Sutherland found himself as a leading man throughout the 1970s in films such as the Venice-based psychological horror film Don't Look Now (1973), co-starring Julie Christie, a role which saw him nominated for the BAFTA Award for Best Actor, the war film The Eagle Has Landed (1976), Federico Fellini's Casanova (1976) and the thriller Eye of the Needle (which was filmed on location on the Isle of Mull, West Scotland). His role as Corpse of Lt. Robert Schmied in the Maximilian Schell-directed German film End of the Game (1976) is listed in crazy credits, and as the health inspector in the science fiction/horror film Invasion of the Body Snatchers (1978) alongside Brooke Adams and Jeff Goldblum.

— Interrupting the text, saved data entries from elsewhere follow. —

Lemma feasible_sched_min_share (G : V -> V -> bool) (t : R) (lam mu : V -> R) (k : 'I_K.+1) :
  (0 < w)%N -> feasible G t lam mu ->
  \sum_(v | v != root) (G (inl k) v)%:R * min_share t v <= 1.
Proof.
move=> w_gt0 feas; have [_ _ _ sched_le _] := feas.
apply: le_trans (sched_le (inl k) isT); apply: ler_sum => v v_nr.
by rewrite ler_wpM2l // (feasible_min_share_le w_gt0 feas v_nr).
Qed.

Lemma min_share_ge0 (t : R) (v : V) : 0 <= t -> 0 <= lmin -> 0 <= min_share t v.
Proof.
move=> t_ge0 lmin_ge0; apply: divr_ge0; last exact: ltW (line_cap_gt0 v).
by rewrite addr_ge0 ?mulr_ge0.
Qed.

Lemma line_depth_route (k : 'I_K.+1) (j : 'I_w) (v : V) :
  v \in route root par (inr (k, j)) -> (k < line_depth v)%N.
Proof. by case: v => [i _|x]; [exact: ltn_ord | rewrite mem_route_inr => /eqP ->]. Qed.

Lemma min_share_feasible (G : V -> V -> bool) (t : R) :
  0 <= t -> 0 <= lmin -> (forall v, v != root -> G (par v) v) ->
  (forall k : 'I_K.+1, \sum_(v | v != root) (G (inl k) v)%:R * min_share t v <= 1) ->
  feasible G t (fun _ => lmin) (min_share t).
Proof.
move=> t_ge0 lmin_ge0 G_par sched_le; split => //.
- move=> v v_nr; rewrite min_share_ge0 //=.
  have [k par_v] : exists k, par v = inl k by case: (v) => [i|x]; eexists.
  apply: le_trans (sched_le k); rewrite -par_v.
  by apply: share_le_sched_sum v_nr (G_par v v_nr) => u _; apply: min_share_ge0.
- by case.
- move=> [//|[k j]] v _ /line_depth_route depth_v.
  rewrite sum_load_const line_hops_inr /min_share [line_cap _ _ _ * _]mulrC.
  rewrite divfK ?lt0r_neq0 ?line_cap_gt0 // addrK mulrC.
  by rewrite ler_wpM2r // ler_nat.
Qed.

Definition backhaul_share (t : R) (i : nat) : R :=
  ((K%:R + 1) * t + lmin * w%:R * (K%:R + 1 - i%:R)) / Rb.

Definition access_share (t : R) (k : nat) : R := w%:R * (((k%:R + 1) * t + lmin) / Ra).

Lemma min_share_inl (t : R) (i : 'I_K.+1) :
  (0 < i)%N -> min_share t (inl i) = backhaul_share t i.
Proof.
move=> i_gt0; rewrite /min_share /backhaul_share /= ue_load_inl //.
by rewrite natrM natrB 1?ltnW // -!natr1 mulrA.
Qed.
Lemma exists_perm_sqr_mul u : (u%:R : 'F_p) != 0 ->
  exists s : {perm 'I_(rr p).+1},
    forall j : 'I_(rr p).+1, (s j)%:R ^+ 2 = (u * j)%:R ^+ 2 :> 'F_p.
Proof.
move=> u0; pose f (j : 'I_(rr p).+1) : 'I_(rr p).+1 := inord (absmod (u * j)).
have fE j : f j = absmod (u * j) :> nat by rewrite inordK ?ltnS ?absmod_le.
have f_inj : injective f.
  move=> i j /(congr1 (fun k : 'I__ => (k%:R : 'F_p) ^+ 2)).
  rewrite /= !fE !sqr_absmod !natrM !exprMn => /(mulfI (expf_neq0 2 u0)).
  by move/sqr_half_inj => ij; apply/val_inj/ij; rewrite -ltnS.
by exists (perm f_inj) => j; rewrite permE fE sqr_absmod.
Qed.

End HalfRange.

Lemma perm_mx_conj (R : comUnitRingType) n (s : {perm 'I_n.+1}) (A : 'M[R]_n.+1) :
  perm_mx s *m A *m invmx (perm_mx s) = \matrix_(i, j) A (s i) (s j).
Proof.
have -> : invmx (perm_mx s) = perm_mx s^-1 :> 'M[R]_n.+1 by rewrite perm_mxV.
by rewrite -col_permE -row_permE; apply/matrixP => i j; rewrite !mxE.
Qed.

Lemma perm_mx_mulI (R : pzSemiRingType) m n (s s' : {perm 'I_m}) (A : 'M[R]_(m, n)) k :
  injective (A^~ k) -> perm_mx s *m A = perm_mx s' *m A -> s = s'.
Proof.
move=> A_inj; rewrite -!row_permE => /matrixP eqA.
by apply/permP => i; apply: A_inj; have := eqA i k; rewrite !mxE.
Qed.

Section QuadraticExponential.

Variables p a : nat.
Hypothesis pr_p : prime p.

Lemma theta_sqrE j k : j%:R ^+ 2 = k%:R ^+ 2 :> 'F_p -> theta p a j = theta p a k.
Proof. by move=> jk; apply/(zeta_expE pr_p); rewrite !natrM -!expr2 jk. Qed.

Lemma sum_eQ_mul u : (u%:R : 'F_p) != 0 -> \sum_(x < p) eQ p a (u * x) = GQ p a.
Proof.
move=> u0; pose f (x : 'I_p) : 'I_p := Ordinal (ltn_pmod (u * x) (prime_gt0 pr_p)).
have f_inj : injective f.
  move=> x y /(congr1 val)/(Fp_natE pr_p); rewrite !natrM => /(mulfI u0)/(Fp_natE pr_p).
  by rewrite !modn_small // => /val_inj.
rewrite /GQ [RHS](reindex_inj f_inj); apply: eq_bigr => x _.
by apply: theta_sqrE; rewrite /= Fp_nat_mod.
Qed.

Hypotheses (odd_p : odd p) (a0 : (a%:R : 'F_p) != 0).

Lemma theta_inj j k : (j <= rr p)%N -> (k <= rr p)%N -> theta p a j = theta p a k -> j = k.
Proof.
move=> le_j le_k /(zeta_expE pr_p); rewrite !natrM -!expr2 => /(mulfI a0).
exact: sqr_half_inj.
Qed.

Lemma Vmx_col1_inj : injective (fun j : 'I_(rr p).+1 => Vmx p a j (inord 1)).
Proof.
have r_gt0 : (0 < rr p)%N by have := rr_double odd_p; have := prime_gt1 pr_p; lia.
move=> i j; rewrite !mxE inordK // !expr1 => /theta_inj ij.
by apply/val_inj/ij; rewrite -ltnS.
Qed.

End QuadraticExponential.

Section GaloisAction.

Variables (p a u : nat) (tau : {rmorphism algC -> algC}) (sigma : {perm 'I_(rr p).+1}).
Hypotheses (pr_p : prime p) (odd_p : odd p) (u0 : (u%:R : 'F_p) != 0).
Hypothesis tau_zeta : tau (zeta p) = zeta p ^+ (u * u).
Hypothesis sigmaE : forall j, (sigma j)%:R ^+ 2 = (u * j)%:R ^+ 2 :> 'F_p.
(* For all $n\ge1$ and all $k,k'\in[n]$, the relations $\preceq_k$ and $\preceq_{k'}$ on $\mathfrak{S}_n$ coincide; that is, the posets $\textsf{Star}_k(n)$ and $\textsf{Star}_{k'}(n)$ are equal.
   Context: $\mathfrak{S}_n$ is the symmetric group on $[n]$, products taken right to left. For a pivot $k\in[n]$, a star factorization of $\pi\in\mathfrak{S}_n$ is an expression $\pi=g_1\cdots g_r$ with each $g_i$ a transposition $(k\ i)$, $i\neq k$; it is transitive if all $(k\ i)$, $i\in[n]\setminus\{k\}$, occur; $\star_k(\pi)$ is the set of transitive star factorizations of $\pi$ of the minimum possible length $n+m-2$, $m$ the number of cycles of $\pi$ (fixed points included). $\sigma\preceq_k\pi$ means there exist $\gamma\in\star_k(\sigma)$ and $\delta\in\star_k(\pi)$ with $\gamma$ a not necessarily contiguous subword of $\delta$; $\textsf{Star}_k(n)$ is $\mathfrak{S}_n$ with the relation $\preceq_k$. *)

From mathcomp Require Import all_boot all_fingroup.
Set Implicit Arguments. Unset Strict Implicit. Unset Printing Implicit Defensive.
Local Open Scope group_scope.

(* Product of a word of permutations, taken right to left:
   prodRL [:: g1; ...; gr] acts as x |-> g1 (g2 (... (gr x))).
   (MathComp's s * t is "first s, then t", hence the order below.) *)
Definition prodRL (T : finType) (s : seq {perm T}) : {perm T} :=
  foldr (fun g acc => acc * g) 1 s.

(* Number of cycles of pi, fixed points included. *)
Definition ncycles (T : finType) (pi : {perm T}) : nat := #|porbits pi|.

Definition is_star_fact (n : nat) (k : 'I_n) (pi : {perm 'I_n})
    (s : seq {perm 'I_n}) : bool :=
  [&& all (fun g => [exists i : 'I_n, (i != k) && (g == tperm k i)]) s,
      [forall i : 'I_n, (i != k) ==> (tperm k i \in s)],
      size s == n + ncycles pi - 2
    & prodRL s == pi].
Lemma ge0_integral_dirac_like (f : T -> \bar R) (r : R) :
  (forall x, 0 <= f x) -> f a = r%:E -> \int[m]_x f x = r%:E.
Proof.
move=> f0 far; rewrite ge0_integralTE//; apply/eqP; rewrite eq_le; apply/andP; split.
  apply: ub_ereal_sup => _ [h hf <-]; rewrite sintegral_dirac_like -far; exact: hf.
have r0 : (0 <= r)%R by rewrite -lee_fin -far.
apply: ereal_sup_ubound; exists (scale_nnsfun (indic_nnsfun R measurable_a) r0).
  move=> x /=; rewrite /mindic indicE; have [->|xa] := eqVneq x a.
    by rewrite mem_set// mulr1 far.
  by rewrite memNset ?mulr0//; exact/eqP.
by rewrite sintegral_dirac_like /= /mindic indicE mem_set// mulr1.
Qed.

(* [g] need not be measurable: [m] is concentrated on the measurable singleton [[set a]]. *)
Lemma integral_dirac_like (g : T -> R) : \int[m]_x (g x)%:E = (g a)%:E.
Proof.
rewrite integralE (@ge0_integral_dirac_like _ (Num.max (g a) 0%R))//; last first.
  by rewrite funeposE EFin_max.
rewrite (@ge0_integral_dirac_like _ (Num.max (- g a)%R 0%R))//; last first.
  by rewrite funenegE EFin_max.
rewrite -EFinB; congr EFin.
have [g0|g0] := leP 0%R (g a).
  by rewrite (max_idPr _) ?subr0// oppr_le0.
by rewrite (max_idPl _) ?sub0r ?opprK// oppr_ge0 ltW.
Qed.

End dirac_like.

Section measure_lemmas.
Context {d} {T : measurableType d} {R : realType}.
Local Open Scope ereal_scope.

Lemma integral_null_measure (m : {measure set T -> \bar R}) (f : T -> \bar R) :
  (forall A, measurable A -> m A = 0) -> \int[m]_x f x = 0.
Proof.
move=> m0; rewrite (eq_measure_integral (@mzero _ T R)) ?integral_measure_zero//.
by move=> A mA _; rewrite m0.
Qed.

Lemma ge1_of_integral_difference (m1 m2 : {measure set T -> \bar R}) (g : T -> R) :
  (forall x, 0 <= g x)%R ->
  (fine (\int[m1]_x (g x)%:E) - fine (\int[m2]_x (g x)%:E))%R = 1%R ->
  1 <= \int[m1]_x (g x)%:E.
Proof.
move=> g0 eq1.
have I2 : (0 <= fine (\int[m2]_x (g x)%:E))%R.
  by apply/fine_ge0/integral_ge0 => x _; rewrite lee_fin.
move: eq1; case: (\int[m1]_x (g x)%:E) => [r| |] /= eq1.
- by rewrite lee_fin; lra.
- by rewrite leey.
- exfalso; lra.
Qed.

Section unit_interval.
Variables (m : {measure set T -> \bar R}) (g : T -> R).
Hypotheses (mg : measurable_fun setT g) (g01 : forall x, (0 <= g x <= 1)%R).

Let g0 x : 0 <= (g x)%:E. Proof. by rewrite lee_fin; case/andP: (g01 x). Qed.
Let mgE : measurable_fun setT (fun x => (g x)%:E). Proof. exact/measurable_EFinP. Qed.

Lemma integral_le_measureT : \int[m]_x (g x)%:E <= m setT.
Proof.
rewrite -[X in _ <= X]mul1e -integral_cst//; apply: ge0_le_integral => //.
by move=> x _; rewrite lee_fin; case/andP: (g01 x).
Qed.

Lemma measure_add_integral_le_measureT (U : set T) : measurable U ->
  (forall x, U x -> g x = 0%R) -> m U + \int[m]_x (g x)%:E <= m setT.
Proof.
move=> mU gU; have -> : m U = \int[m]_x (\1_U x)%:E by rewrite integral_indic// setIT.
rewrite -ge0_integralD//; last by apply/measurable_EFinP; exact: measurable_indic.
rewrite -[X in _ <= X]mul1e -integral_cst//; apply: ge0_le_integral => //.
- by move=> x _; rewrite adde_ge0// lee_fin.
- by apply: emeasurable_funD => //; apply/measurable_EFinP; exact: measurable_indic.
move=> x _; rewrite indicE; have [/set_mem Ux|_] := boolP (x \in U).
  by rewrite gU// adde0.
by rewrite add0e lee_fin; case/andP: (g01 x).
Qed.

Lemma measure_eq0_of_integral_ge1 (U : set T) : measurable U ->
  (forall x, U x -> g x = 0%R) -> m setT <= 1 -> 1 <= \int[m]_x (g x)%:E -> m U = 0.
Proof.
move=> mU gU mT1 I1.
have le1 := le_trans (measure_add_integral_le_measureT mU gU) mT1.
have U0 : 0 <= m U by [].
have I0 : 0 <= \int[m]_x (g x)%:E by apply: integral_ge0.
have Ufin : m U \is a fin_num.
  by rewrite ge0_fin_numE// (le_lt_trans _ (ltey 1))// (le_trans _ le1)// leeDl.
have Ifin : \int[m]_x (g x)%:E \is a fin_num.
  by rewrite ge0_fin_numE// (le_lt_trans _ (ltey 1))// (le_trans _ le1)// leeDr.
move: le1 I1 U0; rewrite -(fineK Ufin) -(fineK Ifin) -EFinD !lee_fin => le1 I1 U0.
by congr EFin; lra.
Qed.
End unit_interval.
End measure_lemmas.

Section Borel_sets.
Context {S : ptopologicalType}.
Local Notation BS := (Borel S).

Lemma open_Borel (U : set S) : open U -> measurable (U : set BS).
Proof. by move=> oU; exact: sub_gen_smallest. Qed.

Lemma closed_Borel (U : set S) : closed U -> measurable (U : set BS).
Proof.
by move=> cU; rewrite -(setCK U); apply: measurableC; apply: open_Borel; exact: closed_openC.
Qed.

Hypothesis hS : hausdorff_space S.

Lemma closed_set1 (a : S) : closed [set a].
Proof. by apply: accessible_closed_set1; exact: hausdorff_accessible. Qed.

Lemma set1_Borel (a : S) : measurable ([set a] : set BS).
Proof. by apply: closed_Borel; exact: closed_set1. Qed.

Lemma compact_Borel (K : set S) : compact K -> measurable (K : set BS).
Proof. by move=> cK; apply: closed_Borel; exact: compact_closed. Qed.

Lemma continuous_Borel_measurable {R : realType} (f : S -> R) :
  continuous f -> measurable_fun setT (f : BS -> R).
Proof.
move=> /continuousP cf; apply: (measurability _ (RGenOpens.measurableE R)).
move=> _ [_ [a [b ->] <-]]; apply: measurableI => //; apply: open_Borel.
exact/cf/interval_open.
Qed.

End Borel_sets.

Section complex_measures.
Context {S : ptopologicalType} {R : realType}.
Local Notation BS := (Borel S).

Lemma cabs_real (x : R) : cabs (Complex x 0) = `|x|.
Proof. by rewrite /cabs /= expr0n /= addr0 sqrtr_sqr. Qed.

Lemma cabs_ge0 (z : R[i]) : 0 <= cabs z.
Proof. exact: sqrtr_ge0. Qed.

Lemma Re_le_cabs (z : R[i]) : `|complex.Re z| <= cabs z.
Proof. by rewrite /cabs -sqrtr_sqr; apply: ler_wsqrtr; rewrite lerDl sqr_ge0. Qed.

Lemma cm_re_le_cabs (mu : cmeasure S R) (A : set BS) : measurable A ->
  (cm_re mu A <= (cabs (cmval mu A))%:E)%E.
Proof.
move=> mA; rewrite -(fineK (fin_num_measure (cm_re mu) _ mA)) lee_fin.
by apply: le_trans (Re_le_cabs _); exact: ler_norm.
Qed.

Definition is_partition {n} (F : 'I_n -> set BS) (E : set BS) :=
  [/\ (forall i, measurable (F i)), (forall i j, i != j -> F i `&` F j = set0) &
      \big[setU/set0]_(i < n) F i = E].
Theorem lemma3p5 (astar : R) (f fy fa fyy fya fay faa : R -> R -> C) :
  astar <> 0 ->
  C2_dom astar f fy fa fyy fya fay faa ->
  (forall a, a <> - astar ->
     fy 1 a = ((RtoC 1 - Ci * RtoC (astar + a)) / (RtoC 2 * Ci * RtoC (astar + a))
               * f 1 a)%C) ->
  (forall a, a <> - astar -> inY (Rop (astar + a) (fun y => f y a))) /\
  (forall a0, a0 <> - astar -> forall eps, 0 < eps -> exists delta, 0 < delta /\
     forall a, a <> - astar -> Rabs (a - a0) < delta ->
       Ydist_le (Rop (astar + a) (fun y => f y a)) (Rop (astar + a0) (fun y => f y a0)) eps).
Proof.
  intros _ [Hder [Hf [Hfy [_ [Hfyy _]]]]] Hbc.
  assert (f_deriv : forall y a, -1 < y < 1 -> a <> - astar -> is_derive (fun t => f t a) y (fy y a))
    by (intros y a Hy Ha; apply (Hder y a Hy Ha)).
  assert (fy_deriv : forall y a, -1 < y < 1 -> a <> - astar -> is_derive (fun t => fy t a) y (fyy y a))
    by (intros y a Hy Ha; apply (Hder y a Hy Ha)).
  pose proof (cont_on_dom_within astar f Hf) as f_cont.
  pose proof (cont_on_dom_within astar fy Hfy) as fy_cont.
  pose proof (cont_on_dom_within astar fyy Hfyy) as fyy_cont.
  split; [apply (Rop_inY astar f fy fyy) | apply (Rop_Ydist_continuous astar f fy fyy)]; assumption.
Qed.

He helped launch the internationally popular Canadian television series Witness to Yesterday, with a performance as the Montreal doctor Norman Bethune, a physician and humanitarian, largely talking of Bethune's experiences in revolutionary China. Sutherland also had a role as pot-smoking Professor Dave Jennings in National Lampoon's Animal House in 1978, making himself known to younger fans as a result of the movie's popularity. When cast, he was offered either $40,000 up front or two percent of the movie's gross earnings. Thinking the movie would certainly not be a big success, he chose the upfront payment.  The movie eventually grossed $141.6 million.

He won acclaim for his performance in the Italian director Bernardo Bertolucci's 1976 epic film 1900 and as the conflicted father in the Academy Award-winning family drama Ordinary People (1980), alongside Mary Tyler Moore and Timothy Hutton. In 1981, he narrated A War Story, an Anne Wheeler film. He played the role of physician-hero Norman Bethune in two biographical films in 1977 and 1990.

Some of Sutherland's better known roles in the 1980s and 1990s were in the South African apartheid drama A Dry White Season (1989), alongside Marlon Brando and Susan Sarandon; as a sadistic warden in Lock Up (1989) with Sylvester Stallone; as an incarcerated pyromaniac in the firefighter thriller Backdraft (1991) alongside Kurt Russell and Robert De Niro, as the humanitarian doctor-activist Norman Bethune in 1990's Bethune: The Making of a Hero, and as a snobbish New York City art dealer in Six Degrees of Separation (1993), with Stockard Channing and Will Smith.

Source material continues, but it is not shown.